Ammachi’s Sambar

In previous posts, I’ve mentioned my granny’s best friend. We call her Ammachi and have known her all our lives. Granny and Ammachi call each other ‘Anni’ – which translates to ‘elder brother’s wife. I suppose this was their way to ensure neither woman misbehaves with their respective husbands. It’s the perfect solution to an age-old problem – make your husband your best friend’s brother and you’ll never have to fear her charms!

Anyway, I digress. Ammachi’s sambar is the best I’ve ever had. I’ve tried making it in the past, but never gave it due justice because I made it from memory and would make things up as I went. I found my old recipe notebook, and realised that I had her sambar recipe noted down. This afternoon I thought I’d make it exactly as the recipe to see if it turned out just as tasty. The end result was fantastic. I doubt it’ll ever be as tasty as Ammachi’s, but this was pretty close.

(a) You’ll need: 

  • 1 cup toor dal
  • 1/2 teaspoon turmeric powder
  • 1 green chili
  • 1 french shallot
  • 1 small tomato
  • 1/2 potato – peeled, diced
  • 1 carrot – peeled, diced
  • *(use any other vegetable you have lying around your fridge)

(b) You’ll need:

  • 1 tablespoon ghee
  • 1/2 teaspoon mustard seeds
  • 1/2 teaspoon fenugreek seeds
  • 1 dried chili – broken in half
  • 1 french shallot – sliced finely
  • 1/3 teaspoon hing
  • Salt to taste
  • 1 sprig curry leaves

(c) You’ll need: 

  • 1 heaped teaspoon tamarind paste
  • 3/4 tablespoon Baba’s fish curry powder (I use the spicy version)
  • 1/2 teaspoon roasted pepper and methi powder
  • 2 tablespoon fresh coriander – chopped finely
  • 1 cup of water (or more as needed)

Pressure cook (a) ingredients. Once cooked, use a whisk and stir well. This will help the vegetables and dal to break down.

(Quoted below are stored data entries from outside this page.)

(** Write E_b := h_b - c/24.  The q-expansion gives the leading asymptotics
   chi_b(r + i t) e^{2 pi t E_b} -> N_{b,0} e(r E_b) as t -> oo, the tail being
   dominated by e^{-2 pi t}.  Because h_1 = 0 < h_b for b <> 1 (the
   distinguished index 1 is numbered 0 in the formalisation), in any finite
   combination sum_k S_{bk} chi_k(r + i t) the vacuum character dominates.
   The numerator factor chi_a(-1/n + i y) is brought to the upper cusp by the
   modular moves tau |-> -1/tau, tau |-> tau + n, tau |-> -1/tau, which land at
   1/n + i/(n^2 y); likewise chi_a(i y) is brought there by -1/tau alone.
   Hence, after multiplying T_a by an explicit positive real factor, the
   renormalised ratio [Tren] converges in the product filter (x -> oo, y -> 0+)
   to e(h_a/n - (2/n + n) c/24) zeta_{n,a} / d_a.  A general fact (a function
   which eventually is a positive multiple of one converging to l <> 0 has phase
   converging to l/|l|) then yields the theorem. *)

Lemma e2pi_add (z w : C) : e2pi (Cplus z w) = Cmult (e2pi z) (e2pi w).
Proof.
  destruct z as [a b], w as [p q]. unfold e2pi, Cmult, Cplus; simpl.
  replace (-(2*PI*(b+q))) with (-(2*PI*b) + -(2*PI*q)) by ring.
  replace (2*PI*(a+p)) with (2*PI*a + 2*PI*p) by ring.
  rewrite exp_plus, cos_plus, sin_plus. f_equal; ring.
Qed.

Lemma e2pi_split (z : C) :
  e2pi z = Cmult (RtoC (exp (-(2*PI*Im z)))) (e2pi (RtoC (Re z))).
Proof.
  destruct z as [a b]. unfold e2pi, Cmult, RtoC; simpl.
  rewrite Rmult_0_r, Ropp_0, exp_0. f_equal; ring.
Qed.

Lemma Cmod_e2pi (z : C) : Cmod (e2pi z) = exp (-(2*PI*Im z)).
Proof.
  destruct z as [a b]. unfold Cmod, e2pi; simpl.
  set (e := exp _). set (u := 2*PI*a).
  assert (H := sin2_cos2 u). unfold Rsqr in H.
  replace (e * cos u * (e * cos u * 1) + e * sin u * (e * sin u * 1)) with (e*e)
    by (transitivity (e*e*(sin u * sin u + cos u * cos u)); [rewrite H|]; ring).
  apply sqrt_square. unfold e; left; apply exp_pos.
Qed.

Heat ghee in a pot, add onions, hing, dried chili and salt. Fry until soft. Push onions aside, add a little more ghee if required. Add mustard seeds, fenugreek seeds and curry leaves. Allow to cook until mustard seeds pop. Remove from heat.

Add all the ingredients in (c) to the fried spices. The water helps deglaze the pot. You don’t want to waste all the good flavour from frying the onions in ghee. Add this mix to the cooked dal and vegetables. Add more water if required. You don’t want the sambar too thick.

Bring the sambar to a light boil. Stir well. Serve with hot rice and ghee. Enjoy!

As the sambar cools, it will thicken. Just add water as required.